Further, in order to eliminate the skew difference of the input of the differential signal, it is not necessary to consider the equal length wiring of the two input wirings, and the wiring can be easily implemented.

By using the MCML semiconductor integrated circuit, effects such as high input impedance which is a characteristic of FET can be obtained, and by using a pMOS transistor as a load for obtaining a desired amplitude, the output amplitude can be made variable. .

[Brief description of drawings]

FIG. 1 is a circuit diagram of a MOS current mode semiconductor integrated circuit according to an embodiment of the present invention.

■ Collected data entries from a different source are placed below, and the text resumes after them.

Lemma dhomogXU (i : 'I_n) : ('X_i : {mpoly R[n]}) \is 1.-homog.
Proof. by rewrite dhomogX; apply/eqP; exact: mdeg1. Qed.

Lemma mpolyXU_neq0 (i : 'I_n) : ('X_i : {mpoly R[n]}) != 0.
Proof. by rewrite -msupp_eq0 msuppX. Qed.

Definition line_poly f w u : {poly R} :=
  \sum_(m <- msupp f) f@_m *: \prod_(i < n) (w i *: 'X + (u i)%:P) ^+ m i.

Lemma horner_line_poly f w u a : (line_poly f w u).[a] = f.@[fun i => a * w i + u i].
Proof.
rewrite mevalE horner_sum; apply: eq_bigr => m _; rewrite hornerZ horner_prod.
congr (_ * _); apply: eq_bigr => i _.
by rewrite horner_exp hornerD hornerZ hornerX hornerC mulrC.
Qed.

Lemma size_line_poly d f w u : f \is d.-homog -> (size (line_poly f w u) <= d.+1)%N.
Proof.
move=> /dhomogP f_homog; apply: leq_trans (size_sum _ _ _) _.
apply/bigmax_leqP_seq => m m_supp _; apply: leq_trans (size_scale_leq _ _) _.
have := f_homog m m_supp => /(etrans (esym (mdegE m))) <-.
apply: leq_trans (size_prod_leq _ _) _; rewrite ltnS.
apply: leq_sum => i _; have := size_poly_exp_leq (w i *: 'X + (u i)%:P) (m i).
have : (size (w i *: 'X + (u i)%:P)%R <= 2)%N.
  apply: leq_trans (size_polyD _ _) _; rewrite geq_max (leq_trans (size_polyC_leq1 _)) //.
  by rewrite (leq_trans (size_scale_leq _ _)) ?size_polyX.
by set s := size (w i *: 'X + (u i)%:P)%R; set t := size _; nia.
Qed.

Definition homogenize (q : {poly R}) (Y T : {mpoly R[n]}) (w d : nat) : {mpoly R[n]} :=
  \sum_(j < size q) q`_j *: (Y ^+ j * T ^+ (d - w * j)).

Lemma dhomog_homogenize (q : {poly R}) (Y T : {mpoly R[n]}) (w d : nat) :
  Y \is w.-homog -> T \is 1.-homog -> (w * (size q).-1 <= d)%N ->
  homogenize q Y T w d \is d.-homog.
Proof.
move=> Y_homog T_homog q_size; apply: rpred_sum => j _; apply: rpredZ.
have wj_le : (w * j <= d)%N := leq_mul_pred (ltn_ord j) q_size.
have := dhomogM (dhomogMn j Y_homog) (dhomogMn (d - w * j) T_homog).
by rewrite mul1n subnKC.
Qed.

End Homogeneous.

Lemma meval_homogenize (R : fieldType) n (q : {poly R}) (Y T : {mpoly R[n]}) w d x :
  T.@[x] != 0 -> (w * (size q).-1 <= d)%N ->
  (homogenize q Y T w d).@[x] = T.@[x] ^+ d * q.[Y.@[x] / T.@[x] ^+ w].
Proof.
move=> T_neq0 q_size; rewrite horner_coef raddf_sum big_distrr /=.
apply: eq_bigr => j _; rewrite mevalZ mevalM !rmorphXn /=.
have wj_le : (w * j <= d)%N := leq_mul_pred (ltn_ord j) q_size.
by rewrite exprB // ?unitfE ?expf_neq0 // exprMn exprVn -exprM; ring.
Qed.

Section DotProduct.
Variables (R : realDomainType) (n : nat).
Implicit Types (x y z : 'cV[R]_n).

Definition dot x y : R := \sum_i x i 0 * y i 0.

Lemma dotC x y : dot x y = dot y x.
Proof. by apply: eq_bigr => i _; rewrite mulrC. Qed.

Lemma dotDl x y z : dot (x + y) z = dot x z + dot y z.
Proof. by rewrite /dot -big_split; apply: eq_bigr => i _; rewrite !mxE mulrDl. Qed.

Lemma dotBl x y z : dot (x - y) z = dot x z - dot y z.
Proof. by rewrite /dot -sumrB; apply: eq_bigr => i _; rewrite !mxE mulrBl. Qed.

Lemma dotZl c x z : dot (c *: x) z = c * dot x z.
Proof. by rewrite /dot big_distrr; apply: eq_bigr => i _; rewrite !mxE /= mulrA. Qed.

Lemma dotDr x y z : dot z (x + y) = dot z x + dot z y.
Proof. by rewrite !(dotC z) dotDl. Qed.

Lemma dotBr x y z : dot z (x - y) = dot z x - dot z y.
Proof. by rewrite !(dotC z) dotBl. Qed.

Lemma dotZr c x z : dot z (c *: x) = c * dot z x.
Proof. by rewrite !(dotC z) dotZl. Qed.

Lemma dot_ge0 x : 0 <= dot x x.
Proof. by apply: sumr_ge0 => i _; rewrite -expr2 sqr_ge0. Qed.

Lemma dot_eq0 x : (dot x x == 0) = (x == 0).
Proof.
apply/idP/eqP => [|->]; last by rewrite /dot big1 // => i _; rewrite mxE mul0r.
rewrite psumr_eq0 => [/allP x0|i _]; last by rewrite -expr2 sqr_ge0.
apply/matrixP => i j; rewrite ord1 mxE.
by have := x0 i (mem_index_enum i); rewrite -expr2 sqrf_eq0 => /eqP.
Qed.

Lemma trmx_mul_dot x y : x^T *m y = (dot x y)%:M.
Proof.
rewrite [LHS]mx11_scalar; congr (_%:M).
by rewrite !mxE; apply: eq_bigr => i _; rewrite !mxE.
Qed.

Lemma dot_trmx_mul x y : dot x y = (x^T *m y) 0 0.
Proof. by rewrite trmx_mul_dot mxE eqxx mulr1n. Qed.

End DotProduct.

Lemma det1_add_mulmx (R : comNzRingType) n (a : 'cV[R]_n) (b : 'rV[R]_n) :
  \det (1%:M + a *m b) = 1 + (b *m a) 0 0.
Proof.
(* factor block_mx 1 (- a) b 1 as lower * upper and as upper * lower triangular *)
pose M := block_mx 1%:M (- a) b (1%:M : 'M_1).
have ML : M = block_mx 1%:M 0 b 1%:M *m block_mx 1%:M (- a) 0 (1%:M + b *m a).
  rewrite mulmx_block !(mul1mx, mul0mx, mulmx1, mulmx0, addr0, add0r, mulmxN).
  by rewrite addrCA addNr addr0.
have MR : M = block_mx (1%:M + a *m b) (- a) 0 1%:M *m block_mx 1%:M 0 b 1%:M.
  by rewrite mulmx_block !(mul1mx, mul0mx, mulmx1, mulmx0, addr0, add0r, mulNmx) addrK.
have := congr1 determinant ML; rewrite {1}MR !det_mulmx.
by rewrite det_ublock det_lblock det_ublock !det1 !mul1r !mulr1 det_mx11 !mxE /= => ->.
Qed.

Section Reflections.
Variables (R : realFieldType) (n : nat).
Implicit Types (x w : 'cV[R]_n).

Definition householder w : 'M[R]_n := 1%:M - (2 / dot w w) *: (w *m w^T).

Lemma householder_mul w x : householder w *m x = x - (2 * dot w x / dot w w) *: w.
Proof.
rewrite mulmxBl mul1mx -scalemxAl -mulmxA trmx_mul_dot mul_mx_scalar scalerA.
by rewrite mulrAC.
Qed.

Lemma trmx_householder w : (householder w)^T = householder w.
Proof. by rewrite /householder linearB /= trmx1 linearZ /= trmx_mul trmxK. Qed.

Lemma householderK w : w != 0 -> householder w *m householder w = 1%:M.
Proof.
rewrite -dot_eq0 => ww_neq0; set P := w *m w^T; set c := 2 / dot w w.
have PP : P *m P = dot w w *: P.
  by rewrite mulmxA -(mulmxA w) trmx_mul_dot mul_mx_scalar -scalemxAl.
have cc : c * c * dot w w = c + c by rewrite /c; field.
rewrite mulmxBl mul1mx mulmxBr mulmx1 -scalemxAl -scalemxAr PP !scalerA cc.
by apply/matrixP => i j; rewrite !mxE /c; ring.
Qed.

Lemma det_householder w : w != 0 -> \det (householder w) = -1.
Proof.
rewrite -dot_eq0 => ww_neq0.
rewrite /householder -scaleNr scalemxAr det1_add_mulmx -scalemxAl mxE.
by rewrite (trmx_mul_dot w w) mxE eqxx mulr1n; field.
Qed.

Lemma exists_orthogonal2 u y : (2 < n)%N ->
  exists w, [/\ w != 0, dot w u = 0 & dot w y = 0].
Proof.
move=> n_gt2; pose K := kermx (row_mx u y).
have K_neq0 : K != 0.
  rewrite -mxrank_eq0 mxrank_ker; have := rank_leq_col (row_mx u y); lia.
have [i Ki_neq0] : exists i, row i K != 0.
  apply/existsP; apply: contraR K_neq0 => /existsPn Ki0; apply/eqP/row_matrixP => i.
  by rewrite row0; apply/eqP; have := Ki0 i; rewrite negbK.
have : row i K *m row_mx u y = 0 by rewrite -row_mul mulmx_ker row0.
rewrite mul_mx_row -row_mx0 => /eq_row_mx [Ku Ky].
by exists (row i K)^T; rewrite trmx_eq0 Ki_neq0 !dot_trmx_mul trmxK Ku Ky !mxE.
Qed.

End Reflections.

Section Rotations.
Variables (R : realType) (n : nat).
Implicit Types (x y u w : 'cV[R]_n).

Lemma SO1 : SO (1%:M : 'M[R]_n).
Proof. by rewrite /SO trmx1 mulmx1 det1 !eqxx. Qed.

Lemma SO_householderM w1 w2 : w1 != 0 -> w2 != 0 ->
  SO (householder w1 *m householder w2).
Proof.
move=> w1_neq0 w2_neq0; rewrite /SO trmx_mul !trmx_householder -mulmxA.
rewrite (mulmxA (householder w2)) householderK // mul1mx householderK //.
by rewrite det_mulmx !det_householder // mulrNN mulr1 !eqxx.
Qed.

FIG. 2 is a circuit diagram of a conventional MOS current mode semiconductor integrated circuit.

[Explanation of symbols]

11, 21 first nMOS transistor for differential operation 12, 22 second nMOS transistor for differential operation 13, 23 third nMOS transistor for constant current source 14, 24 first pMOS transistor for load 15, 25 Second pMOS transistor for load 101, 201 Input terminal IN 202 Input terminal INB 103, 203 Input terminal RFN 104, 204 Input terminal RFP 105, 205 First output terminal OUTB 106, 206 Second output terminal OUT 107, 207 Power input terminal V _DD

Claims (3)

[Claims] 1. In a differential amplifier circuit type current mode semiconductor integrated circuit used as a buffer or an inverter, the gate terminal of the second differential transistor is not connected to an external input and is connected to the first differential transistor side. A current mode semiconductor integrated circuit characterized in that it is connected to an output terminal. 2. A current mode semiconductor integrated circuit of a differential amplifier circuit type, wherein a High or Low signal is input to a gate terminal of a differential transistor, and a drain of a pair of differential transistors serves as a differential output. The dynamic amplifier circuit includes a first pMOS transistor and a second pMOS transistor, a first nMOS transistor and a second nMOS transistor as a differential transistor, and a third nMOS transistor that serves as a constant current source. , A first desired external voltage is commonly applied to the gates of the first pMOS transistor and the second pMOS transistor, and a power supply output is applied to the drains of the first pMOS transistor and the first nMOS transistor. And a second nMOS
The sources of the transistors are commonly grounded via a third nMOS transistor, and the first nMOS transistor and the second nMOS are connected.
The drains of the transistors are connected to the sources of the first pMOS transistor and the second pMOS transistor and the first external output terminal and the second external output terminal, respectively, and the gate of the first nMOS transistor is the external input terminal. The gate of the second nMOS transistor is connected to the drain of the first nMOS transistor, and the second desired external voltage is applied to the gate of the third nMOS transistor. Current mode semiconductor integrated circuit. 3. The current mode semiconductor integrated circuit according to claim 1, wherein the first pMOS transistor and the second pMOS are provided.
A current mode semiconductor integrated circuit in which a transistor is replaced with a first resistor and a second resistor having a predetermined resistance value.